"You people" is a memorable line in "The Irishman"--slur against Italians. However, the term could also refer to anyone too easily duped into thinking that having big-name actors and a celebrated director necessarily combine to make an excellent film. You people, are you willing to spend almost 3 1/2 hours of your life that you will never get back watching a film that doesn't really cut it? OK, OK. watching DeNiro, Pacino and Pesci in anything is a big pull, I admit. But sitting through this particular film experience is like getting excited about watching three world-class swimmers get into a pool for a lap together, and seeing the pool turn into a half-mile river of sludge with no finish line that you can see, seemingly going nowhere. The movie is too long, too unfocused, too aimless, and, all too often, a waste of talent.
And yet--the failure of "The Irishman" is not for lack of background material. The source text, I Heard You Paint Houses, by Charles Brandt, details how Frank Sheeran, an associate of Philly mob boss Russ Bufalino, came to turn on close ally Jimmy Hoffa. And in a telling 2015 interview on Click On Detroit (amp-clickondetroit-com) Brandt builds a solid case for his story built on five years worth of extensive talks with Sheeran and coordination with the FBI. Why would Sheeran talk to a former prosecutor and professional interrogator, as Brandt likes to call himself? It makes sense: Brandt worked behind the scenes to get the former boss' prison sentence for labor racketeering reduced from 32 years to 9 on medical grounds and built a relationship from there. In addition to taking Sheeran's word for events, Brandt has well documented reasons to prove that Sheeran killed "Crazy Joe Gallo" in a public clam house (a witness later verified the killer), the Sheeran delivered a truckload of arms to Dallas just before the Kennedy assassination on behalf of the Mob, and that Hoffa was lured into a private home in Detroit where he was shot at close range by Sheeran, with the body later cremated by Mafia soldiers The FBI subpoenaed Brandt's interview tapes and had access to the same information about Hoffa's disappearance. In fact, according to Brandt, the "whodunnit" part of the missing person's case was solved early on, but with a missing body and uncooperative witnesses, prosecution was impossible. As of 2015, the investigation was still officially ongoing.

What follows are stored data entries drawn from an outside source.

(* Let $\Gamma$ be a digraph on a set $\Omega$ and let $\mathbf{a}=(\alpha_0,\alpha_1,\ldots)$ be an infinite walk in $\Gamma$ such that every vertex occurs only finitely many times in $\mathbf{a}$. Then there is a ray $\mathbf{r}$ in $\Gamma$ whose vertex sequence is a subsequence of $\mathbf{a}$ such that, for every infinite subset $\Sigma\subseteq\{\alpha_0,\alpha_1,\ldots\}$, we have both $\mathbf{r}\preccurlyeq\Sigma$ and $\Sigma\preccurlyeq\mathbf{r}$. Analogously, if $\mathbf{a}$ is an infinite anti-walk in which every vertex occurs only finitely many times, then $\mathbf{a}$ contains (as a subsequence) an anti-ray $\mathbf{r}$ with $\mathbf{r}\preccurlyeq\Sigma$ and $\Sigma\preccurlyeq\mathbf{r}$ for every infinite subset $\Sigma$ of the vertices of $\mathbf{a}$.
   Context: A digraph on a set $\Omega$ is a subset $\Gamma\subseteq\Omega\times\Omega$; elements of $\Omega$ are vertices and elements of $\Gamma$ are edges. A walk is a finite or infinite sequence $(v_0,v_1,\ldots)$ of (not necessarily distinct) vertices with $(v_i,v_{i+1})\in\Gamma$ for all $i$; an anti-walk is such a sequence with $(v_{i+1},v_i)\in\Gamma$ for all $i$. A path is a walk consisting of pairwise distinct vertices (a single vertex is a path of length $0$). A ray is an infinite path; an anti-ray is an infinite anti-walk of pairwise distinct vertices. For infinite subsets $\Sigma',\Sigma\subseteq\Omega$ (rays and anti-rays are identified with their vertex sets), write $\Sigma'\preccurlyeq\Sigma$ if there exist infinitely many pairwise vertex-disjoint paths in $\Gamma$ (paths of length $0$ allowed), each with initial vertex in $\Sigma'$ and final vertex in $\Sigma$. *)

(* A digraph on Omega is a relation G : Omega -> Omega -> Prop
   (edge set Gamma = {(u,v) | G u v}). Infinite sequences are functions nat -> Omega;
   finite paths are nonempty duplicate-free lists. *)
From Stdlib Require Import List.
Import ListNotations.

Section Digraph.
Context {Omega : Type} (G : Omega -> Omega -> Prop).

Definition inf_walk (a : nat -> Omega) : Prop := forall i, G (a i) (a (S i)).
Definition inf_antiwalk (a : nat -> Omega) : Prop := forall i, G (a (S i)) (a i).

Definition ray (r : nat -> Omega) : Prop :=
  inf_walk r /\ (forall i j, r i = r j -> i = j).
Definition antiray (r : nat -> Omega) : Prop :=
  inf_antiwalk r /\ (forall i j, r i = r j -> i = j).

Fixpoint chain (l : list Omega) : Prop :=
  match l with
  | x :: ((y :: _) as t) => G x y /\ chain t
  | _ => True
  end.

(* a finite path (length 0 allowed = single vertex) *)
Definition path (p : list Omega) : Prop := p <> [] /\ NoDup p /\ chain p.

Definition path_from_to (p : list Omega) (x y : Omega) : Prop :=
  path p /\ hd_error p = Some x /\ last p x = y.

(* Sigma' ≼ Sigma : infinitely many pairwise vertex-disjoint paths from Sigma' to Sigma *)
Definition prec (S' S : Omega -> Prop) : Prop :=
  exists P : nat -> list Omega,
    (forall n, exists x y, S' x /\ S y /\ path_from_to (P n) x y) /\
    (forall n m, n <> m -> forall v, In v (P n) -> ~ In v (P m)).

End Digraph.

Definition infinite_set {Omega : Type} (S : Omega -> Prop) : Prop :=
  forall l : list Omega, exists x, S x /\ ~ In x l.

Definition finitely_often {Omega : Type} (a : nat -> Omega) : Prop :=
  forall v, exists N, forall i, a i = v -> i < N.

Definition subseq_of {Omega : Type} (r a : nat -> Omega) : Prop :=
  exists f : nat -> nat, (forall i, f i < f (S i)) /\ (forall i, r i = a (f i)).

Definition vset {Omega : Type} (a : nat -> Omega) : Omega -> Prop :=
  fun v => exists i, a i = v.

(* Along the walk, jump from each visited vertex to its last occurrence and step
   once more; the vertices landed on form a ray r, since consecutive landings are
   joined by a walk edge and no vertex of r occurs again later.  Every tail of the
   walk links r and Σ in both directions: from r_N forward to a later element of Σ,
   and from an element α_i of Σ forward to r_i, which sits at index >= i.  Loop
   erasure turns these walk segments into paths, and as every vertex occurs only
   finitely often, segments taken in far enough apart windows are disjoint.
   The anti-walk case is the walk case in the reversed digraph. *)

From Stdlib Require Import List Arith Lia Classical ClassicalEpsilon.
Import ListNotations.

Lemma last_in_range (P : nat -> Prop) (i j : nat) :
  i <= j -> P i -> exists k, i <= k <= j /\ P k /\ forall m, k < m <= j -> ~ P m.
Proof.
  intros Hij HPi; induction Hij as [|j Hij IH].
  - exists i; repeat split; auto; lia.
  - destruct (classic (P (S j))) as [HPj|HPj].
    + exists (S j); repeat split; auto; lia.
    + destruct IH as [k [Hk [HPk Hlast]]].
      exists k; split; [lia|split; [exact HPk|]].
      intros m Hm; destruct (Nat.eq_dec m (S j)) as [->|Hne]; [exact HPj|].
      apply Hlast; lia.
Qed.

Lemma increasing_lt (h : nat -> nat) :
  (forall n, h n < h (S n)) -> forall n m, n < m -> h n < h m.
Proof.
  intros Hh n m Hnm; induction Hnm as [|m _ IH]; [apply Hh|].
  specialize (Hh m); lia.
Qed.

Section Digraph.
Context {Omega : Type} (G : Omega -> Omega -> Prop).

Lemma path_from_to_singleton (x : Omega) : path_from_to G [x] x x.
Proof.
  repeat split; [discriminate|].
  constructor; [intros []|constructor].
Qed.

Lemma path_from_to_cons (x y z : Omega) (p : list Omega) :
  path_from_to G p y z -> G x y -> ~ In x p -> path_from_to G (x :: p) x z.
Proof.
  intros [[Hne [Hnd Hch]] [Hhd Hlast]] Hxy Hx.
  destruct p as [|y' t]; [contradiction|].
  injection Hhd as ->.
  repeat split; [discriminate|constructor; assumption|exact Hxy|exact Hch|].
  change (last (y :: t) x = z).
  destruct (exists_last (l := y :: t) ltac:(discriminate)) as [l [w Hlw]].
  rewrite Hlw, last_last in Hlast |- *; exact Hlast.
Qed.

Lemma chain_snoc (l : list Omega) (x y : Omega) :
  chain G (l ++ [x]) -> G x y -> chain G (l ++ [x; y]).
Proof.
  induction l as [|z l IH]; intros Hc Hxy; [split; [exact Hxy|exact I]|].
  destruct l as [|w l]; cbn in *; [tauto|].
  destruct Hc as [Hzw Hc]; split; [exact Hzw|exact (IH Hc Hxy)].
Qed.

Lemma chain_rev (l : list Omega) :
  chain (fun x y => G y x) l -> chain G (rev l).
Proof.
  induction l as [|x [|y l] IH]; intros Hc; [exact I|exact I|].
  destruct Hc as [Hyx Hc]; cbn in IH |- *.
  rewrite <- app_assoc; exact (chain_snoc _ _ _ (IH Hc) Hyx).
Qed.

Lemma path_from_to_rev (p : list Omega) (x y : Omega) :
  path_from_to (fun u v => G v u) p x y -> path_from_to G (rev p) y x.
Proof.
  intros [[Hne [Hnd Hch]] [Hhd Hlast]].
  split; [split; [|split]|split].
  - intros Hnil; apply Hne; rewrite <- (rev_involutive p), Hnil; reflexivity.
  - exact (NoDup_rev Hnd).
  - exact (chain_rev p Hch).
  - destruct (exists_last Hne) as [l [z ->]].
    rewrite last_last in Hlast; rewrite rev_unit, Hlast; reflexivity.
  - destruct p as [|x' t]; [contradiction|injection Hhd as ->].
    apply last_last.
Qed.

Lemma prec_rev (A B : Omega -> Prop) : prec (fun x y => G y x) A B -> prec G B A.
Proof.
  intros [P [Hends Hdisj]].
  exists (fun n => rev (P n)); split.
  - intros n; destruct (Hends n) as [x [y [Hx [Hy Hp]]]].
    exists y, x; split; [exact Hy|split; [exact Hx|exact (path_from_to_rev _ _ _ Hp)]].
  - intros n m Hnm v Hn Hm; rewrite <- in_rev in Hn, Hm.
    exact (Hdisj n m Hnm v Hn Hm).
Qed.

Definition drawn_from (a : nat -> Omega) (lo hi : nat) (p : list Omega) : Prop :=
  forall v, In v p -> exists i, lo <= i <= hi /\ a i = v.

Lemma drawn_from_widen (a : nat -> Omega) (lo hi lo' hi' : nat) (p : list Omega) :
  lo' <= lo -> hi <= hi' -> drawn_from a lo hi p -> drawn_from a lo' hi' p.
Proof.
  intros Hlo Hhi Hp v Hv; destruct (Hp v Hv) as [i [Hi Hai]].
  exists i; split; [lia|exact Hai].
Qed.

(* Loop erasure: continue from the last occurrence of [a i] up to [j]. *)
Lemma walk_segment_path (a : nat -> Omega) (i j : nat) :
  (forall m, i <= m < j -> G (a m) (a (S m))) -> i <= j ->
  exists p, path_from_to G p (a i) (a j) /\ drawn_from a i j p.
Proof.
  remember (j - i) as n eqn:Hn; revert i Hn.
  induction n as [n IH] using lt_wf_ind; intros i Hn Hedge Hij.
  destruct (last_in_range (fun m => a m = a i) i j Hij eq_refl)
    as [k [Hk [Hak Hlast]]].
  destruct (Nat.eq_dec k j) as [->|Hkj].
  - exists [a i]; split.
    + rewrite Hak; apply path_from_to_singleton.
    + intros v [<-|[]]; exists i; split; [lia|reflexivity].
  - destruct (IH (j - S k) ltac:(lia) (S k) eq_refl) as [p [Hp Hdrawn]];
      [intros m Hm; apply Hedge; lia|lia|].
    exists (a i :: p); split.
    + apply (path_from_to_cons _ (a (S k))); [exact Hp| |].
      * rewrite <- Hak; apply Hedge; lia.
      * intros Hin; destruct (Hdrawn _ Hin) as [m [Hm Ham]].
        exact (Hlast m ltac:(lia) Ham).
    + intros v [<-|Hv]; [exists i; split; [lia|reflexivity]|].
      destruct (Hdrawn v Hv) as [m [Hm Ham]]; exists m; split; [lia|exact Ham].
Qed.

Lemma last_occurrence (a : nat -> Omega) : finitely_often a ->
  forall i, exists k, i <= k /\ a k = a i /\ forall m, k < m -> a m <> a i.
Proof.
  intros Hfin i; destruct (Hfin (a i)) as [N HN].
  destruct (last_in_range (fun m => a m = a i) i (i + N) ltac:(lia) eq_refl)
    as [k [Hk [Hak Hlast]]].
  exists k; split; [lia|split; [exact Hak|]].
  intros m Hm Ham; destruct (le_lt_dec m (i + N)).
  - exact (Hlast m ltac:(lia) Ham).
  - specialize (HN m Ham); lia.
Qed.

Lemma occurrences_bounded (a : nat -> Omega) : finitely_often a ->
  forall n, exists c, forall i j, i <= n -> a j = a i -> j <= c.
Proof.
  intros Hfin n; induction n as [|n [c IH]].
  - destruct (Hfin (a 0)) as [N HN]; exists N; intros i j Hi Hj.
    replace i with 0 in Hj by lia; specialize (HN j Hj); lia.
  - destruct (Hfin (a (S n))) as [N HN]; exists (Nat.max c N); intros i j Hi Hj.
    destruct (Nat.eq_dec i (S n)) as [->|Hne].
    + specialize (HN j Hj); lia.
    + specialize (IH i j ltac:(lia) Hj); lia.
Qed.

Lemma infinite_subset_late (a : nat -> Omega) (Sigma : Omega -> Prop) :
  (forall v, Sigma v -> vset a v) -> infinite_set Sigma ->
  forall N, exists i, N <= i /\ Sigma (a i).
Proof.
  intros Hsub Hinf N; destruct (Hinf (map a (seq 0 N))) as [s [Hs Hnew]].
  destruct (Hsub s Hs) as [i <-]; exists i; split; [|exact Hs].
  destruct (le_lt_dec N i) as [|Hlt]; [assumption|].
  exfalso; apply Hnew, in_map, in_seq; lia.
Qed.

(* The n-th path is taken from the window starting at [start n]; each window
   starts beyond every later occurrence of the vertices used before it. *)
Lemma prec_of_late_paths (a : nat -> Omega) (A B : Omega -> Prop) :
  finitely_often a ->
  (forall N, exists p hi x y,
     A x /\ B y /\ path_from_to G p x y /\ drawn_from a N hi p) ->
  prec G A B.
Proof.
  intros Hfin Hlate.
  destruct (choice _ (occurrences_bounded a Hfin)) as [c Hc].
  destruct (choice _ Hlate) as [P HP].
  destruct (choice _ HP) as [hi Hhi].
  set (start n := Nat.iter n (fun N => S (N + c (hi N))) 0).
  assert (Hstart : forall n m, n < m -> c (hi (start n)) < start m).
  { assert (Hstep : forall n, start (S n) = S (start n + c (hi (start n))))
      by reflexivity.
    intros n m Hnm; induction Hnm as [|m _ IH]; rewrite Hstep; lia. }
  assert (Hdisj : forall n m, n < m ->
            forall v, In v (P (start n)) -> ~ In v (P (start m))).
  { intros n m Hnm v Hn Hm.
    destruct (Hhi (start n)) as [_ [_ [_ [_ [_ Hdn]]]]].
    destruct (Hhi (start m)) as [_ [_ [_ [_ [_ Hdm]]]]].
    destruct (Hdn v Hn) as [i [Hi Hai]], (Hdm v Hm) as [j [Hj Haj]].
    assert (j <= c (hi (start n))) by (apply (Hc _ i); [lia|congruence]).
    specialize (Hstart n m Hnm); lia. }
  exists (fun n => P (start n)); split.
  - intros n; destruct (Hhi (start n)) as [x [y [Hx [Hy [Hp _]]]]].
    exists x, y; auto.
  - intros n m Hnm; apply Nat.lt_gt_cases in Hnm as [Hlt|Hlt].
    + exact (Hdisj n m Hlt).
    + intros v Hn Hm; exact (Hdisj m n Hlt v Hm Hn).
Qed.

Lemma last_visit_indices (a : nat -> Omega) : finitely_often a ->
  exists f : nat -> nat,
    (forall k, k <= f k) /\ (forall k, f k < f (S k)) /\
    (forall k, a (f (S k)) = a (S (f k))) /\
    (forall k l, a (f k) = a (f l) -> k = l).
Proof.
  intros Hfin; destruct (choice _ (last_occurrence a Hfin)) as [L HL].
  set (f k := Nat.iter k (fun x => L (S x)) (L 0)).
  assert (Hstep : forall k, f (S k) = L (S (f k))) by reflexivity.
  assert (Hf_last : forall k m, f k < m -> a m <> a (f k)).
  { intros k m; assert (HfL : exists x, f k = L x) 
      by (destruct k; [exists 0|exists (S (f k))]; reflexivity).
    destruct HfL as [x Hx], (HL x) as [_ [HLx Hm]]; rewrite Hx, HLx; apply Hm. }
  assert (Hinc : forall k, f k < f (S k)).
  { intros k; rewrite Hstep; destruct (HL (S (f k))); lia. }
  exists f; split; [|split; [exact Hinc|split]].
  - intros k; induction k as [|k IH]; [lia|specialize (Hinc k); lia].
  - intros k; rewrite Hstep; apply HL.
  - intros k l Hkl; destruct (Nat.lt_total k l) as [Hlt|[Heq|Hlt]]; [|exact Heq|].
    + exfalso; exact (Hf_last k _ (increasing_lt f Hinc k l Hlt) (eq_sym Hkl)).
    + exfalso; exact (Hf_last l _ (increasing_lt f Hinc l k Hlt) Hkl).
Qed.

Theorem ray_in_walk (a : nat -> Omega) :
  inf_walk G a -> finitely_often a ->
  exists r : nat -> Omega,
    ray G r /\ subseq_of r a /\
    (forall Sigma : Omega -> Prop,
       (forall v, Sigma v -> vset a v) -> infinite_set Sigma ->
       prec G (vset r) Sigma /\ prec G Sigma (vset r)).
Proof.
  intros Hw Hfin.
  destruct (last_visit_indices a Hfin) as [f [Hge [Hinc [Hnext Hinj]]]].
  assert (Hseg : forall i j, i <= j ->
            exists p, path_from_to G p (a i) (a j) /\ drawn_from a i j p)
    by (intros i j; apply walk_segment_path; intros m _; apply Hw).
  exists (fun k => a (f k)); split; [split|split].
  - intros k; cbn; rewrite Hnext; apply Hw.
  - exact Hinj.
  - exists f; split; [exact Hinc|reflexivity].
  - intros Sigma Hsub Hinf; split; apply (prec_of_late_paths a); auto; intros N.
    + destruct (infinite_subset_late a Sigma Hsub Hinf (f N)) as [i [Hi HSi]].
      destruct (Hseg (f N) i Hi) as [p [Hp Hdrawn]].
      exists p, i, (a (f N)), (a i).
      split; [now exists N|split; [exact HSi|split; [exact Hp|]]].
      apply (drawn_from_widen _ (f N) i); auto.
    + destruct (infinite_subset_late a Sigma Hsub Hinf N) as [i [Hi HSi]].
      destruct (Hseg i (f i) (Hge i)) as [p [Hp Hdrawn]].
      exists p, (f i), (a i), (a (f i)).
      split; [exact HSi|split; [now exists i|split; [exact Hp|]]].
      apply (drawn_from_widen _ i (f i)); auto.
Qed.

End Digraph.

Theorem mainTheorem1 (Omega : Type) (G : Omega -> Omega -> Prop) :
  (forall a : nat -> Omega,
     inf_walk G a -> finitely_often a ->
     exists r : nat -> Omega,
       ray G r /\ subseq_of r a /\
       (forall S : Omega -> Prop,
          (forall v, S v -> vset a v) -> infinite_set S ->
          prec G (vset r) S /\ prec G S (vset r))) /\
  (forall a : nat -> Omega,
     inf_antiwalk G a -> finitely_often a ->
     exists r : nat -> Omega,
       antiray G r /\ subseq_of r a /\
       (forall S : Omega -> Prop,
          (forall v, S v -> vset a v) -> infinite_set S ->
          prec G (vset r) S /\ prec G S (vset r))).
Proof.
  split; [apply ray_in_walk|].
  intros a Hw Hfin.
  destruct (ray_in_walk (fun x y => G y x) a Hw Hfin) as [r [Hr [Hsub Hprec]]].
  exists r; split; [exact Hr|split; [exact Hsub|]].
  intros Sigma HSigma Hinf; destruct (Hprec Sigma HSigma Hinf) as [Hfrom Hto].
  split; apply prec_rev; assumption.
Qed.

So, yes, this and more are all spelled out in the film. But dramatically, viewers want to see the central conflict set up in the first twenty minutes of the film, and we're left hanging. Early on we get that Sheeran (DeNiro) is an ordinary truck driver and death-hardened former combat vet pulled into organized crime via the Teamster's Union. Along the way we see him as 40 - no, 30, no --at one point called a "kid" despite clearly being middle-aged (CGI just can't turn back the clock for men in their 70's: the poor aging effect makes for a confusing timeline). He enters the film married, meets a waitress who smiles at him, and apparently 20 seconds later is divorced leading a new life (women in this film are decorations, child producers and occasionally the ones who cry over crime victims.). He bonds with a quietly powerful Cosa Nostra head Russ Bufalino (Joe Pesci), who introduces him to Hoffa (Al Pacino, chronically in a bad mood, except around Sheeran's children). Hoffa is portrayed as charismatic, but a hothead. His loose lips about how Teamster funds are being used and abused ignite flaring tempers during his campaign to regain the union presidency, temporarily lost during a 5-year prison term. Bufalino is alarmed, and so are other Mafiosi. But despite warnings, Hoffa refuses to put a lid on it.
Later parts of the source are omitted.